**TASK DIRECTIONS**
The expected response is a copy of every line in the entries below that includes the word "series".

(Saved data entries)

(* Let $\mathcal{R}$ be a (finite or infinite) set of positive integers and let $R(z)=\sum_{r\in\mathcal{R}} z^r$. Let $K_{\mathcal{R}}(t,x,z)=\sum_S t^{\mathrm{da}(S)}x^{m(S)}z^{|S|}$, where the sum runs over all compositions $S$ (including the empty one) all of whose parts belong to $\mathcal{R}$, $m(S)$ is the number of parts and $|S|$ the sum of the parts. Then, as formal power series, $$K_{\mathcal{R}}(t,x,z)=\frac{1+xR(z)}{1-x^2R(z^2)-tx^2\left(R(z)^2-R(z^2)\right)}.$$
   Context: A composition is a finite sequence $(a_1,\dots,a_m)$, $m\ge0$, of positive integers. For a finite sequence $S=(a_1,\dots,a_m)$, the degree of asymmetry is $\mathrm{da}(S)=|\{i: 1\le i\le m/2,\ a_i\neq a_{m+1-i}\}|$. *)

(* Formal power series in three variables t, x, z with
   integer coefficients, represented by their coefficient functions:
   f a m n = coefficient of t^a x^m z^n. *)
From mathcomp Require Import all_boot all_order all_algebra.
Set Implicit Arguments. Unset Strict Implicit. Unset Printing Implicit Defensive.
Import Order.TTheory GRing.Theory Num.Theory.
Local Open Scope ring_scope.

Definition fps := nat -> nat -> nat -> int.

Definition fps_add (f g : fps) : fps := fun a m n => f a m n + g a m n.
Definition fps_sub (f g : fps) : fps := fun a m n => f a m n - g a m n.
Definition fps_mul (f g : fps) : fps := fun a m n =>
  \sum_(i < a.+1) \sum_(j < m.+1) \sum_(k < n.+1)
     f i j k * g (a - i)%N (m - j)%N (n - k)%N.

**EXERCISE ANSWER**
(* Let $\mathcal{R}$ be a (finite or infinite) set of positive integers and let $R(z)=\sum_{r\in\mathcal{R}} z^r$. Let $K_{\mathcal{R}}(t,x,z)=\sum_S t^{\mathrm{da}(S)}x^{m(S)}z^{|S|}$, where the sum runs over all compositions $S$ (including the empty one) all of whose parts belong to $\mathcal{R}$, $m(S)$ is the number of parts and $|S|$ the sum of the parts. Then, as formal power series, $$K_{\mathcal{R}}(t,x,z)=\frac{1+xR(z)}{1-x^2R(z^2)-tx^2\left(R(z)^2-R(z^2)\right)}.$$
(* Formal power series in three variables t, x, z with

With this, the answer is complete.